(* Let $n\ge 1$ and let $\omega_1,\dots,\omega_n\in\mathbb{C}$ be pairwise distinct complex numbers, none of which lies on the real segment $[0,1]$. Let $n_1,\dots,n_n\ge 1$ be integers and set $h(\omega)=\prod_{i=1}^{n}(\omega-\omega_i)^{n_i}$. For a nonnegative integer $m$ define $$g_m(\omega)=\omega^m\Big(\log\big(1-\tfrac{1}{\omega}\big)+\sum_{k=1}^{m}\frac{1}{k\,\omega^k}\Big),\qquad G_m(\omega)=\frac{g_m(\omega)}{h(\omega)},$$ where $\log$ denotes the principal branch of the logarithm (so that $g_m$, and hence $G_m$ away from the zeros of $h$, is single-valued and holomorphic on $\mathbb{C}\setminus[0,1]$). Then $$\int_0^1 \frac{x^m}{h(x)}\,dx=\sum_{i=1}^{n}\operatorname{Res}\big(G_m,\omega_i\big).$$
   Context: $\operatorname{Res}(G,\omega_i)$ denotes the residue of the meromorphic function $G$ at the point $\omega_i$. The empty sum (for $m=0$) is $0$. *)

From Stdlib Require Import Reals.
From Coquelicot Require Export Coquelicot.
Open Scope R_scope.

(* finite sums / products over indices 0 <= k < n *)
Fixpoint Csum (n : nat) (f : nat -> C) : C :=
  match n with O => RtoC 0 | S k => Cplus (Csum k f) (f k) end.
Fixpoint Cprod (n : nat) (f : nat -> C) : C :=
  match n with O => RtoC 1 | S k => Cmult (Cprod k f) (f k) end.

(* principal argument, with values in (-PI, PI] (0 at z = 0) *)
Definition Carg (z : C) : R :=
  let x := fst z in let y := snd z in
  if Rlt_dec 0 x then atan (y / x)
  else if Rlt_dec x 0 then
    (if Rle_dec 0 y then atan (y / x) + PI else atan (y / x) - PI)
  else if Rlt_dec 0 y then PI / 2
  else if Rlt_dec y 0 then - (PI / 2)
  else 0.

Definition Clog (z : C) : C := (ln (Cmod z), Carg z).

Definition Ceit (t : R) : C := (cos t, sin t).

(* [is_residue f a c]: c is the residue of f at the isolated singularity a,
   i.e. c = (1 / 2 pi i) * contour integral of f over |z - a| = r for all
   sufficiently small r > 0. *)
Definition is_residue (f : C -> C) (a c : C) : Prop :=
  exists eps : R, 0 < eps /\
    forall r : R, 0 < r < eps ->
      @is_RInt C_R_NormedModule
        (fun t : R => Cmult (f (Cplus a (Cmult (RtoC r) (Ceit t))))
                            (Cmult (Cmult (RtoC r) Ci) (Ceit t)))
        0 (2 * PI) (Cmult (Cmult (RtoC (2 * PI)) Ci) c).

Definition hpoly (n : nat) (w : nat -> C) (N : nat -> nat) (z : C) : C :=
  Cprod n (fun i => Cpow (Cminus z (w i)) (N i)).

Definition g_m (m : nat) (z : C) : C :=
  Cmult (Cpow z m)
    (Cplus (Clog (Cminus (RtoC 1) (Cinv z)))
           (Csum m (fun k => Cinv (Cmult (RtoC (INR (S k))) (Cpow z (S k)))))).

Definition G_m (m n : nat) (w : nat -> C) (N : nat -> nat) (z : C) : C :=
  Cdiv (g_m m z) (hpoly n w N z).

From Stdlib Require Import Reals Lra Lia List ClassicalEpsilon.
From Coquelicot Require Import Coquelicot.
Open Scope R_scope.

(* For [z] off [0, 1], induction on [m] starting from the logarithm gives
   [g_m z = ∫_0^1 x^m / (x - z) dx], hence [G_m z = ∫_0^1 x^m / ((x - z) h z) dx].
   List the roots of [h] with multiplicity as [b_0, ..., b_(d-1)]. Moving the factors [z - b_j]
   to [x - b_j] one at a time gives
     1 / ((x - z) h z) = 1 / ((x - z) h x) + Σ_k 1 / (Π_(j <= k) (x - b_j) Π_(j >= k) (z - b_j)).
   The first term, as a function of [z], only has a pole at [z = x], so by Fubini its integral
   over [0, 1] contributes nothing to the residues at the [ω_i]. The rest is the combination
   Σ_k a_k / Π_(j >= k) (z - b_j) with constant coefficients
   a_k = ∫_0^1 x^m / Π_(j <= k) (x - b_j) dx.
   By partial fractions, the residues of the reciprocal of a polynomial sum to [1] if it has
   degree one and to [0] otherwise, so the residues of [G_m] sum to
   [a_(d-1) = ∫_0^1 x^m / h x dx]. *)

(** * Complex-valued functions of a real variable *)

Lemma is_derive_eq (f : R -> R) (x l l' : R) : is_derive f x l -> l = l' -> is_derive f x l'.
Proof. now intros H <-. Qed.

Lemma is_derive_Rconst (c t : R) : is_derive (fun _ => c) t 0.
Proof. apply (is_derive_const (K:=R_AbsRing) (V:=R_NormedModule)). Qed.

Lemma is_derive_Rid (t : R) : is_derive (fun s => s) t 1.
Proof. apply (is_derive_id (K:=R_AbsRing)). Qed.

Lemma is_derive_Rplus (f g : R -> R) t df dg : is_derive f t df -> is_derive g t dg ->
  is_derive (fun s => f s + g s) t (df + dg).
Proof. apply (is_derive_plus (K:=R_AbsRing) (V:=R_NormedModule)). Qed.

Lemma is_derive_Ropp (f : R -> R) t df : is_derive f t df -> is_derive (fun s => - f s) t (- df).
Proof. apply (is_derive_opp (K:=R_AbsRing) (V:=R_NormedModule)). Qed.

Lemma is_derive_Rminus (f g : R -> R) t df dg : is_derive f t df -> is_derive g t dg ->
  is_derive (fun s => f s - g s) t (df - dg).
Proof. apply (is_derive_minus (K:=R_AbsRing) (V:=R_NormedModule)). Qed.

Lemma is_derive_Rmult (f g : R -> R) t df dg : is_derive f t df -> is_derive g t dg ->
  is_derive (fun s => f s * g s) t (df * g t + f t * dg).
Proof. intros Hf Hg; apply (is_derive_mult (K:=R_AbsRing)); auto; intros; apply Rmult_comm. Qed.

Lemma is_derive_Rcomp (f g : R -> R) t dg df : is_derive g t dg -> is_derive f (g t) df ->
  is_derive (fun s => f (g s)) t (dg * df).
Proof. intros Hg Hf; exact (is_derive_comp f g t df dg Hf Hg). Qed.

Section RealContinuity.
Context {U : UniformSpace}.

Lemma continuous_Rplus (f g : U -> R) x : continuous f x -> continuous g x ->
  continuous (fun s => f s + g s) x.
Proof. apply (continuous_plus (V:=R_NormedModule)). Qed.

Lemma continuous_Ropp (f : U -> R) x : continuous f x -> continuous (fun s => - f s) x.
Proof. apply (continuous_opp (V:=R_NormedModule)). Qed.

Lemma continuous_Rminus (f g : U -> R) x : continuous f x -> continuous g x ->
  continuous (fun s => f s - g s) x.
Proof. apply (continuous_minus (V:=R_NormedModule)). Qed.

Lemma continuous_Rmult (f g : U -> R) x : continuous f x -> continuous g x ->
  continuous (fun s => f s * g s) x.
Proof. apply (continuous_mult (K:=R_AbsRing)). Qed.

Lemma continuous_Rinv (f : U -> R) x : continuous f x -> f x <> 0 ->
  continuous (fun s => / f s) x.
Proof. intros Hf Hx; apply (continuous_comp f Rinv); [exact Hf | now apply continuous_Rinv]. Qed.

TASK DESCRIPTION:
In the material above, locate the line containing "Lemma is_derive_Rmult (f" and the line containing "Lemma is_derive_Rcomp (f". Transcribe exactly those two lines and every line between them, and nothing more.

TASK SOLUTION:
Lemma is_derive_Rmult (f g : R -> R) t df dg : is_derive f t df -> is_derive g t dg ->
  is_derive (fun s => f s * g s) t (df * g t + f t * dg).
Proof. intros Hf Hg; apply (is_derive_mult (K:=R_AbsRing)); auto; intros; apply Rmult_comm. Qed.

Lemma is_derive_Rcomp (f g : R -> R) t dg df : is_derive g t dg -> is_derive f (g t) df ->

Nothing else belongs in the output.